Zira adalet, eşyayı yerli yerine koymak ve herkese durumuna göre hakkını vermektir. Bu devletin anlayışında adaletle iktidar arasında bağımlılık, birinin diğerinin varlık veya yokluk sebebi olacağı sürekli vurgulanmıştır. Nitekim “İmdi bu Devlet-i Aliyye, adl ile kaimdir ve illa zulm ile memâlik viran olması mukarrerdir” denildikten sonra adaletli davranışın Allah’a yakın olmanın, zulmün de ondan uzaklaşmanın sebebi olduğu şöyle dile getirilir:
Adalet bâis-i kurb-i Hüdâ’dır
Nitekim zulmeden Hak’tan cüdâdır
Buna göre adalet, iktidar ve devamlılığın bir şartı olmaktadır. Eğer iktidarın devamı isteniyorsa güvenilmesi gereken hususiyet adalet olmaktadır. Bütün yöneticilerin adalete uygun davranması gerekir. Fakat padişahlar, bu konuya herkesten daha fazla önem vermelidirler.

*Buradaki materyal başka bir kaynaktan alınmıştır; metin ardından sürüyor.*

(* Let $p,q\in\mathbb N$ with $\gcd(p,q)=1$ and suppose $\alpha=\sqrt{p/q}$ is irrational. (1) If the equation $x^2-pqy^2=-1$ has no integer solution, then for $A\in GL(2,\mathbb Z)$, $\pi(A)$ restricts to an isometric automorphism of $\mathcal A_\alpha$ if and only if $A=\begin{bmatrix} x_1&qy_1\\ py_1&x_1\end{bmatrix}^n$ for some $n\in\mathbb Z$, where $(x_1,y_1)$ is the fundamental solution of $x^2-pqy^2=1$. (2) If $x^2-pqy^2=-1$ has an integer solution, then for $A\in GL(2,\mathbb Z)$, $\pi(A)$ restricts to an isometric automorphism of $\mathcal A_\alpha$ if and only if $A=\begin{bmatrix} x_1'&qy_1'\\ py_1'&x_1'\end{bmatrix}^n$ for some $n\in\mathbb Z$, where $(x_1',y_1')$ is the fundamental solution of $x^2-pqy^2=-1$.
   Context: For a positive irrational $\alpha$, $\mathcal A_\alpha=\{f\in C(\mathbb T^2): \hat f(m,n)=0 \text{ whenever } m+\alpha n<0\}$ ($\mathbb T$ the unit circle, $\hat f$ the Fourier transform on $\mathbb Z^2$), a uniform algebra with the sup norm. For $A=\begin{bmatrix} a&b\\ c&d\end{bmatrix}\in GL(2,\mathbb Z)$, $\pi(A)(f)=f\circ\varphi$ with $\varphi(z,w)=(z^aw^b,z^cw^d)$. For a positive nonsquare integer $N$ and $e\in\{1,-1\}$, the fundamental solution of $x^2-Ny^2=e$ (when a solution exists) is the solution $(x_1,y_1)$ in positive integers with $x_1$ smallest. *)

From Stdlib Require Export Reals ZArith.
Open Scope R_scope.

(** * The torus and C(T^2)
    A point of T^2 is written (e^{is}, e^{it}); a function on T^2 is
    represented by its pull-back F : R -> R -> C, 2*PI-periodic in each
    variable, where C is represented as R * R (real part, imaginary part). *)

Definition cfun := R -> R -> (R * R).

Definition Cmod (z : R * R) : R := sqrt (fst z * fst z + snd z * snd z).

Definition periodic2 (f : cfun) : Prop :=
  forall s t, f (s + 2 * PI) t = f s t /\ f s (t + 2 * PI) = f s t.

Definition continuous2 (f : cfun) : Prop :=
  forall s t eps, 0 < eps -> exists delta, 0 < delta /\
    forall s' t', Rabs (s' - s) < delta -> Rabs (t' - t) < delta ->
      Rabs (fst (f s' t') - fst (f s t)) < eps /\
      Rabs (snd (f s' t') - snd (f s t)) < eps.

Definition in_CT2 (f : cfun) : Prop := periodic2 f /\ continuous2 f.

Definition Rint (g : R -> R) (v : R) : Prop :=
  exists pr : Riemann_integrable g 0 (2 * PI), RiemannInt pr = v.

Definition Rint2 (G : R -> R -> R) (v : R) : Prop :=
  exists h : R -> R, (forall t, Rint (fun s => G s t) (h t)) /\ Rint h v.

(** hat f (m,n) = (1/4pi^2) int int f(s,t) e^{-i(ms+nt)} ds dt  equals 0.
    With f = u + i v and e^{-i th} = cos th - i sin th, the real part of the
    integrand is u cos + v sin and the imaginary part is v cos - u sin. *)
Definition fourier_zero (f : cfun) (m n : Z) : Prop :=
  let th s t := IZR m * s + IZR n * t in
  Rint2 (fun s t => fst (f s t) * cos (th s t) + snd (f s t) * sin (th s t)) 0 /\
  Rint2 (fun s t => snd (f s t) * cos (th s t) - fst (f s t) * sin (th s t)) 0.

Definition in_A (alpha : R) (f : cfun) : Prop :=
  in_CT2 f /\
  forall m n : Z, IZR m + alpha * IZR n < 0 -> fourier_zero f m n.

Record mat2 := Mat2 { m11 : Z; m12 : Z; m21 : Z; m22 : Z }.

Definition mdet (A : mat2) : Z := (m11 A * m22 A - m12 A * m21 A)%Z.

Definition in_GL2Z (A : mat2) : Prop := mdet A = 1%Z \/ mdet A = (-1)%Z.

Definition mmul (A B : mat2) : mat2 :=
  Mat2 (m11 A * m11 B + m12 A * m21 B)%Z (m11 A * m12 B + m12 A * m22 B)%Z
       (m21 A * m11 B + m22 A * m21 B)%Z (m21 A * m12 B + m22 A * m22 B)%Z.

Definition mid : mat2 := Mat2 1 0 0 1.

(** inverse of a matrix of determinant +-1 (then 1/det = det) *)
Definition minv (A : mat2) : mat2 :=
  let e := mdet A in
  Mat2 (e * m22 A)%Z (- (e * m12 A))%Z (- (e * m21 A))%Z (e * m11 A)%Z.

Fixpoint mpow_nat (A : mat2) (k : nat) : mat2 :=
  match k with O => mid | S k' => mmul A (mpow_nat A k') end.

(** A ^ n for n : Z (used only for A in GL(2,Z)) *)
Definition mzpow (A : mat2) (n : Z) : mat2 :=
  match n with
  | Z0 => mid
  | Zpos k => mpow_nat A (Pos.to_nat k)
  | Zneg k => mpow_nat (minv A) (Pos.to_nat k)
  end.

(** pi(A) f = f o phi,  phi(z,w) = (z^a w^b, z^c w^d);
    at z = e^{is}, w = e^{it}: phi = (e^{i(as+bt)}, e^{i(cs+dt)}). *)
Definition piA (A : mat2) (f : cfun) : cfun :=
  fun s t => f (IZR (m11 A) * s + IZR (m12 A) * t) (IZR (m21 A) * s + IZR (m22 A) * t).

(** pi(A) restricts to an isometric automorphism of A_alpha:
    it maps A_alpha into A_alpha, onto A_alpha, and preserves sup norms.
    (Linearity and multiplicativity hold by definition of composition.) *)
Definition restricts_iso_auto (alpha : R) (A : mat2) : Prop :=
  (forall f, in_A alpha f -> in_A alpha (piA A f)) /\
  (forall g, in_A alpha g -> exists f, in_A alpha f /\ piA A f = g) /\
  (forall f, in_A alpha f -> forall M : R,
      (forall s t, Cmod (f s t) <= M) <-> (forall s t, Cmod (piA A f s t) <= M)).

Definition irrational (x : R) : Prop :=
  ~ exists a b : Z, b <> 0%Z /\ x = IZR a / IZR b.

Definition fundamental (N e x1 y1 : Z) : Prop :=
  (0 < x1)%Z /\ (0 < y1)%Z /\ (x1 * x1 - N * y1 * y1 = e)%Z /\
  forall x y : Z, (0 < x)%Z -> (0 < y)%Z -> (x * x - N * y * y = e)%Z -> (x1 <= x)%Z.

From Coquelicot Require Import Coquelicot.
From Stdlib Require Import Lra Lia Psatz FunctionalExtensionality.
Open Scope R_scope.

(* pi(A) sends the character z^j w^k to z^(aj+ck) w^(bj+dk), and for A in GL(2,Z) the
   substitution (s, t) |-> (as + bt, cs + dt) preserves integrals of periodic functions over
   [0, 2 PI]^2 (check it on generators: shears, the swap, a reflection).  Hence pi(A) maps
   A_alpha into itself iff A^T maps the integer half-plane j + alpha k >= 0 into itself, which,
   alpha being irrational, means that (1, alpha) is an eigenvector of A with eigenvalue
   lambda = a + alpha b > 0; the inverse matrix then gives surjectivity, and composition with a
   bijection preserves sup norms.  For alpha = sqrt(p/q) these matrices are exactly
   [[x, qy], [py, x]] with x^2 - pq y^2 = +-1 and lambda = x + y sqrt(pq), and the units
   lambda > 0 of the admissible norms form the cyclic group generated by the smallest one
   above 1, which is the fundamental solution. *)

Definition continuity_2d (G : R -> R -> R) : Prop := forall x y, continuity_2d_pt G x y.
Lemma vnorm_continuity_pt (c : R -> vec3) (t : R) :
  coords_derivable c t -> continuity_pt (fun s => vnorm (c s)) t.
Proof.
  intros Hc. unfold vnorm.
  apply (continuity_pt_comp (fun s => dot (c s) (c s)) sqrt t).
  - apply ex_derive_continuity_pt. eexists. apply is_derive_dot; auto.
  - apply continuity_pt_sqrt, dot_self_ge0.
Qed.

Lemma Dv_periodic (h : R -> vec3) (l : R) :
  (forall t, h (t + l) = h t) -> forall t, Dv h (t + l) = Dv h t.
Proof.
  intros H t. unfold Dv, Derive.
  f_equal; f_equal; apply Lim_ext; intros y;
    replace (t + l + y) with ((t + y) + l) by ring; rewrite !H; reflexivity.
Qed.

Lemma coords_derivable_ext_loc (X Y : R -> vec3) (s : R) :
  locally s (fun u => X u = Y u) -> coords_derivable X s -> coords_derivable Y s.
Proof.
  intros Hloc [Hx [Hy Hz]].
  assert (Hc : forall pr : vec3 -> R, ex_derive (fun u => pr (X u)) s ->
                 ex_derive (fun u => pr (Y u)) s).
  { intros pr H. eapply ex_derive_ext_loc; [|exact H].
    eapply filter_imp; [|exact Hloc]. intros u ->. reflexivity. }
  repeat split; apply Hc; auto.
Qed.

Lemma coords_derivable_vsub (X Y : R -> vec3) (s : R) :
  coords_derivable X s -> coords_derivable Y s ->
  coords_derivable (fun u => vsub (X u) (Y u)) s.
Proof.
  intros [Xx [Xy Xz]] [Yx [Yy Yz]].
  repeat split; apply (ex_derive_plus (fun u => _ (X u)) (fun u => -1 * _ (Y u)));
    auto; apply ex_derive_scal; auto.
Qed.

Lemma coords_derivable_vscale (k : R) (h : R -> vec3) (y : R) :
  coords_derivable h y -> coords_derivable (fun u => vscale k (h u)) y.
Proof. intros [Hx [Hy Hz]]. repeat split; apply ex_derive_scal; auto. Qed.

Lemma is_derive_affine_comp (g : R -> R) (s0 o y : R) : ex_derive g (s0 + o * y) ->
  is_derive (fun u => g (s0 + o * u)) y (o * Derive g (s0 + o * y)).
Proof. intros H. auto_derive; auto. change (fun x => g x) with g. ring. Qed.

Lemma coords_derivable_affine_comp (c : R -> vec3) (s0 o y : R) :
  coords_derivable c (s0 + o * y) -> coords_derivable (fun u => c (s0 + o * u)) y.
Proof.
  intros [Hx [Hy Hz]].
  repeat split; eexists; apply (is_derive_affine_comp (fun s => _ (c s))); eauto.
Qed.

Lemma Dv_affine_comp (c : R -> vec3) (s0 o y : R) : coords_derivable c (s0 + o * y) ->
  Dv (fun u => c (s0 + o * u)) y = vscale o (Dv c (s0 + o * y)).
Proof.
  intros [Hx [Hy Hz]].
  apply vec3_ext; apply is_derive_unique;
    apply (is_derive_affine_comp (fun s => _ (c s))); auto.
Qed.

Lemma Dv_vscale (k : R) (h : R -> vec3) (y : R) :
  Dv (fun u => vscale k (h u)) y = vscale k (Dv h y).
Proof. apply vec3_ext; apply Derive_scal. Qed.
(* Let $k,m \in \mathbb{N}$, and let $G$ be an ordered graph with irreducible block decomposition $(G_1, \ldots, G_m)$. If $|\{i \in [m] : G_i \notin \mathcal{J}\}| \geqslant k$, then $S_n(G) \geqslant 2^{n-1}$ for every $n \leqslant k$.
   Context: Ordered graphs of order $n$ have vertex set $[n]$ with the natural order. A pair of vertices $u<v$ separates the edges of $G$ if every edge $ij$ ($i<j$) has $j\leqslant u$ or $v\leqslant i$; $G$ is irreducible if no pair separates its edges. $G_1+\dots+G_m$ places copies of $G_1,\dots,G_m$ consecutively from left to right with no edges between copies; every ordered graph is uniquely $G_1+\dots+G_m$ with all $G_i$ irreducible, and $(G_1,\dots,G_m)$ is its irreducible block decomposition. $S_n(G)$ is the number of distinct (non-isomorphic as ordered graphs) induced ordered subgraphs of $G$ of order $n$. For $n\in\mathbb{N}$: $J^{(n)}_1=K_n$; $J^{(n)}_2$ on $[n]$ with edge set $\{1n\}$ if $n\geqslant 2$ (empty if $n=1$); $J^{(n)}_3$ on $[n]$ with edges $\{1i: 2\leqslant i\leqslant n\}$; $J^{(n)}_4$ on $[n]$ with edges $\{in: 1\leqslant i\leqslant n-1\}$; $L^{(n)}$ on $[n]$ with edges $\{i(i+1)\}$; $Q_1$ on $[4]$ with edges $\{13,24\}$; $Q_2$ on $[4]$ with edges $\{14,23\}$. $\mathcal{J}$ is the set of all $J^{(n)}_i$, $L^{(n)}$ ($n\in\mathbb{N}$, $i\in[4]$), $Q_1$, $Q_2$. *)

From mathcomp Require Import all_boot.
Set Implicit Arguments. Unset Strict Implicit. Unset Printing Implicit Defensive.

(* An ordered graph of order [ord] has vertex set {0, ..., ord-1} (0-indexed
   version of [ord] = {1,...,ord}) with the natural order.  Its edge set is
   { ij : i < j < ord, adj i j }; values of [adj] outside i < j < ord are
   irrelevant. *)
Record ograph := OGraph { ord : nat; adj : nat -> nat -> bool }.

Definition is_edge (G : ograph) (i j : nat) : bool :=
  [&& i < j, j < ord G & adj G i j].

Definition oiso (G H : ograph) : bool :=
  (ord G == ord H) &&
  [forall i : 'I_(ord G), forall j : 'I_(ord G),
     (i < j) ==> (adj G i j == adj H i j)].

Definition separates (G : ograph) (u v : nat) : bool :=
  [forall i : 'I_(ord G), forall j : 'I_(ord G),
     is_edge G i j ==> ((j <= u) || (v <= i))].

Definition irreducible (G : ograph) : bool :=
  ~~ [exists u : 'I_(ord G), exists v : 'I_(ord G),
        (u < v) && separates G u v].

Definition osum2 (G H : ograph) : ograph :=
  OGraph (ord G + ord H)
    (fun i j => if j < ord G then adj G i j
                else if ord G <= i then adj H (i - ord G) (j - ord G)
                else false).

Definition oempty : ograph := OGraph 0 (fun _ _ => false).

Definition osum (bs : seq ograph) : ograph := foldr osum2 oempty bs.

Definition block_decomposition (G : ograph) (bs : seq ograph) : bool :=
  all irreducible bs && oiso G (osum bs).

Definition J1 (n : nat) : ograph := OGraph n (fun i j => true).
Definition J2 (n : nat) : ograph := OGraph n (fun i j => (i == 0) && (j == n.-1)).
Definition J3 (n : nat) : ograph := OGraph n (fun i j => i == 0).
Definition J4 (n : nat) : ograph := OGraph n (fun i j => j == n.-1).
Definition Lpath (n : nat) : ograph := OGraph n (fun i j => j == i.+1).
Definition Q1 : ograph :=
  OGraph 4 (fun i j => ((i == 0) && (j == 2)) || ((i == 1) && (j == 3))).
Definition Q2 : ograph :=
  OGraph 4 (fun i j => ((i == 0) && (j == 3)) || ((i == 1) && (j == 2))).

(* G is (isomorphic to) a member of J.  Isomorphism forces equal orders, so
   n ranging over 0..ord G covers every member that could match. *)
Definition inJ (G : ograph) : bool :=
  [exists n : 'I_(ord G).+1,
     [|| oiso G (J1 n), oiso G (J2 n), oiso G (J3 n), oiso G (J4 n)
       | oiso G (Lpath n)]]
  || oiso G Q1 || oiso G Q2.

Definition sorted_verts (N : nat) (S : {set 'I_N}) : seq nat :=
  [seq val x | x <- enum S].

(* The induced ordered subgraph on S, relabelled to {0,...,n-1} preserving the
   order, encoded by its (upper-triangular) edge indicator.  Two induced
   subgraphs of order n are isomorphic as ordered graphs iff these codes
   coincide. *)
Definition induced_code (G : ograph) (n : nat) (S : {set 'I_(ord G)})
  : {ffun 'I_n -> {ffun 'I_n -> bool}} :=
  [ffun i : 'I_n => [ffun j : 'I_n =>
     (i < j) && adj G (nth 0 (sorted_verts S) i) (nth 0 (sorted_verts S) j)]].

Definition Sn (n : nat) (G : ograph) : nat :=
  #|[set induced_code n S | S in [set S : {set 'I_(ord G)} | #|S| == n]]|.
(* ($\Rightarrow_{\mathrm{AP}}$ is a Terminating Over-Approximation.) Let $N$ be a finite set of constrained clauses. (i) There is no infinite sequence $N=N_0\Rightarrow_{\mathrm{AP}}N_1\Rightarrow_{\mathrm{AP}}N_2\Rightarrow_{\mathrm{AP}}\cdots$ (i.e. $\Rightarrow_{\mathrm{AP}}^*$ terminates). (ii) If $N\Rightarrow_{\mathrm{AP}}N'$ and $N'$ is satisfiable, then $N$ is satisfiable.
   Context: Clauses are written $\Gamma\rightarrow\Delta$ with $\Gamma,\Delta$ finite multisets of atoms (negative resp. positive literals); $\dot\cup$ denotes disjoint union. For an atom or term $E$, $E[s]_p$ means $E|_p=s$ and $E[p/s']$ the result of replacing the subterm at position $p$ by $s'$; $E[x]_{p,q}$ means $x$ occurs at positions $p$ and $q$. A term is complex if it is not a variable. A variable and a constant are straight; $f(s_1,\dots,s_n)$ is straight if the $s_i$ are pairwise distinct variables except for at most one straight argument. A constraint $\pi=\bigwedge_i t_i\neq s_i$ is a finite conjunction of disequations ($t_i,s_i$ variable-disjoint, $s_i$ straight); $\pi\sigma=\bigwedge_i t_i\sigma\neq s_i$; a solution is a grounding substitution $\delta$ with no $t_i\delta$ an instance of $s_i$. A constrained clause is $(C;\pi)$; its ground instances are $C\delta$ for solutions $\delta$ of $\pi$ grounding all variables of $C$ and the $t_i$; a Herbrand interpretation $I$ (set of ground atoms) satisfies a ground clause $\Gamma\rightarrow\Delta$ if $\Delta\cap I\neq\emptyset$ or $\Gamma\not\subseteq I$, satisfies $(C;\pi)$ if it satisfies all its ground instances; a set is satisfiable if it has such a model. Clauses in a set are assumed pairwise variable-disjoint. Fix a monadic predicate $T$ fresh to $N$ and, for each non-monadic predicate $P$, a function symbol $f_P$ fresh to $N$. $\mathrm{Proj}_P^T$ maps an atom $P(t_1,\dots,t_n)$ to $T(f_P(t_1,\dots,t_n))$ and leaves atoms with other predicates unchanged; it is extended to (constrained) clauses and clause sets. The transformation rules are: Monadic (MO): $N\Rightarrow\mathrm{Proj}_P^T(N)$, provided $P$ is a non-monadic predicate in the signature of $N$. Shallow (SH): $N\,\dot\cup\,\{(\Gamma\rightarrow E[s]_p,\Delta;\pi)\}\Rightarrow N\cup\{(S(x),\Gamma_l\rightarrow E[p/x],\Delta_l;\pi),\ (\Gamma_r\rightarrow S(s),\Delta_r;\pi)\}$, provided $s$ is complex, $|p|=2$, $x$ is a fresh variable and $S$ a fresh monadic predicate, $\Gamma_l\{x\mapsto s\}\cup\Gamma_r=\Gamma$, $\Delta_l\cup\Delta_r=\Delta$, $\{Q(y)\in\Gamma\mid y\in\mathrm{vars}(E[p/x],\Delta_l)\}\subseteq\Gamma_l$ and $\{Q(y)\in\Gamma\mid y\in\mathrm{vars}(s,\Delta_r)\}\subseteq\Gamma_r$. Linear 1 (LI): $N\,\dot\cup\,\{(\Gamma\rightarrow\Delta,E'[x]_p,E[x]_q;\pi)\}\Rightarrow N\cup\{(\Gamma\sigma,\Gamma\rightarrow\Delta,E'[x]_p,E[q/x'];\pi\wedge\pi\sigma)\}$, with $x'$ fresh and $\sigma=\{x\mapsto x'\}$. Linear 2 (LI): $N\,\dot\cup\,\{(\Gamma\rightarrow\Delta,E[x]_{p,q};\pi)\}\Rightarrow N\cup\{(\Gamma\sigma,\Gamma\rightarrow\Delta,E[q/x'];\pi\wedge\pi\sigma)\}$, with $x'$ fresh, $p\neq q$, $\sigma=\{x\mapsto x'\}$. Refinement (Ref): $N\,\dot\cup\,\{(C;\pi)\}\Rightarrow N\cup\{(C;\pi\wedge x\neq t),(C;\pi)\{x\mapsto t\}\}$, provided $x\in\mathrm{vars}(C)$, $t$ is straight and $\mathrm{vars}(t)\cap\mathrm{vars}((C;\pi))=\emptyset$. $\Rightarrow_{\mathrm{AP}}$ is the priority rewrite system consisting of these rules with priority Ref $>$ MO $>$ SH $>$ LI (a rule is applied only if no higher-priority rule is applicable), where Ref is applied only finitely many times. *)

From Stdlib Require Import List Arith Permutation.
Import ListNotations.

(* Fixed infinite signature: a function symbol is a pair (name, arity) and the
   arity of [Fun f ts] is [length ts]; likewise for predicates.  Variables
   are natural numbers. *)
Inductive term : Type :=
| Var (x : nat)
| Fun (f : nat) (ts : list term).

Inductive atom : Type := Atom (P : nat) (ts : list term).

(* A clause  Gamma -> Delta ; multisets are represented by lists
   (order irrelevant, multiplicity relevant). *)
Record clause : Type := Cl { neg : list atom; pos : list atom }.

(* A constraint  /\_i t_i <> s_i  as a list of pairs (t_i, s_i). *)
Definition constr := list (term * term).
Definition cclause := (clause * constr)%type.

Definition cset := cclause -> Prop.

Definition finite_cset (N : cset) : Prop :=
  exists l : list cclause, forall c, N c <-> In c l.

Fixpoint tvars (t : term) : list nat :=
  match t with
  | Var x => [x]
  | Fun _ ts => flat_map tvars ts
  end.

Definition avars (a : atom) : list nat :=
  match a with Atom _ ts => flat_map tvars ts end.

Definition clvars (C : clause) : list nat :=
  flat_map avars (neg C) ++ flat_map avars (pos C).

Definition ccvars (c : cclause) : list nat :=
  clvars (fst c) ++ flat_map (fun ts => tvars (fst ts) ++ tvars (snd ts)) (snd c).

Fixpoint tfuns (t : term) : list (nat * nat) :=
  match t with
  | Var _ => []
  | Fun f ts => (f, length ts) :: flat_map tfuns ts
  end.

Definition afuns (a : atom) : list (nat * nat) :=
  match a with Atom _ ts => flat_map tfuns ts end.

Definition ccfuns (c : cclause) : list (nat * nat) :=
  flat_map afuns (neg (fst c)) ++ flat_map afuns (pos (fst c))
  ++ flat_map (fun ts => tfuns (fst ts) ++ tfuns (snd ts)) (snd c).

Definition apred (a : atom) : nat * nat :=
  match a with Atom P ts => (P, length ts) end.

Definition ccpreds (c : cclause) : list (nat * nat) :=
  map apred (neg (fst c)) ++ map apred (pos (fst c)).

Definition pred_occurs (N : cset) (Pn : nat * nat) : Prop :=
  exists c, N c /\ In Pn (ccpreds c).

Definition fun_occurs (N : cset) (fn : nat * nat) : Prop :=
  exists c, N c /\ In fn (ccfuns c).

Definition subst := nat -> term.

Fixpoint tsubst (s : subst) (t : term) : term :=
  match t with
  | Var x => s x
  | Fun f ts => Fun f (map (tsubst s) ts)
  end.

Definition asubst (s : subst) (a : atom) : atom :=
  match a with Atom P ts => Atom P (map (tsubst s) ts) end.

Definition clsubst (s : subst) (C : clause) : clause :=
  Cl (map (asubst s) (neg C)) (map (asubst s) (pos C)).

Definition constr_subst (s : subst) (pi : constr) : constr :=
  map (fun ts => (tsubst s (fst ts), snd ts)) pi.

Definition ccsubst (s : subst) (c : cclause) : cclause :=
  (clsubst s (fst c), constr_subst s (snd c)).

Definition upd (x : nat) (t : term) : subst :=
  fun y => if Nat.eqb y x then t else Var y.

Definition ground (t : term) : Prop := tvars t = [].

Definition is_var (t : term) : Prop := exists x, t = Var x.

Inductive straight : term -> Prop :=
| straight_var x : straight (Var x)
| straight_fun_vars f xs :
    NoDup xs -> straight (Fun f (map Var xs))
| straight_fun_one f xs1 u xs2 :
    NoDup (xs1 ++ xs2) -> straight u -> ~ is_var u ->
    straight (Fun f (map Var xs1 ++ u :: map Var xs2)).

Zira adalet, hazinenin artmasına ve halkın çoğalmasına yol açar. Hazine ise halkın çokluğundan ve ülkenin bayındırlığından kaynak alır. Memleketin ümranı ise adaletledir. Harap olan bir ülkenin maldan ve medeniyetten nasibi olmaz.
İslâm, insan hayatının bütün yönlerini göz önünde bulundurup ona göre düzen ve sistem koyan bir dindir. Bu bakımdan, insan haklarını da Allah’ın emir ve istekleri doğrultusunda teminat altına alıcı esasları içerir. Bu sebeple belirlediği iman ve ibadet esasları ile insanın manevî ihtiyaçlarına cevap verirken, onun biyolojik, ekonomik ve sosyal yönü ile ilgili esasları da ortaya koymayı ihmal etmemiştir.
İnsan, aynı zamanda sosyal bir varlıktır. Yaratılışı gereği diğer insanlarla bir arada toplumsal bir hayat yaşamak zorundadır. Yüce rabbimiz, insanın aslı ile ilgili gerçekler bildirdikten sonra düzenli ve dengeli bir hayat yaşaması için gerekli olan prensipleri de koymuştur. Ferdin hak ve hürriyetini tanıyıcı ve temin edici prensipler yanında insanın sorumluluğu ile kuralları koymuştur. Bu sebepten o, en küçük toplum olarak kabul edilen ailede bile fertlerin birbirlerine karşı olan hak ve ödevlerinden bahsederek onlara nasıl riayet edilmesi gerektiğini belirtir. Hz. Peygamber’in, evrensel insan hakları beyannamesi diyebileceğimiz Veda Hutbesinde, yüz binlerce Müslümana hitap ederken aile fertlerinin birbirlerine karşı olan hak ve vazifelerini birer kanun şeklinde ortaya koymuştur.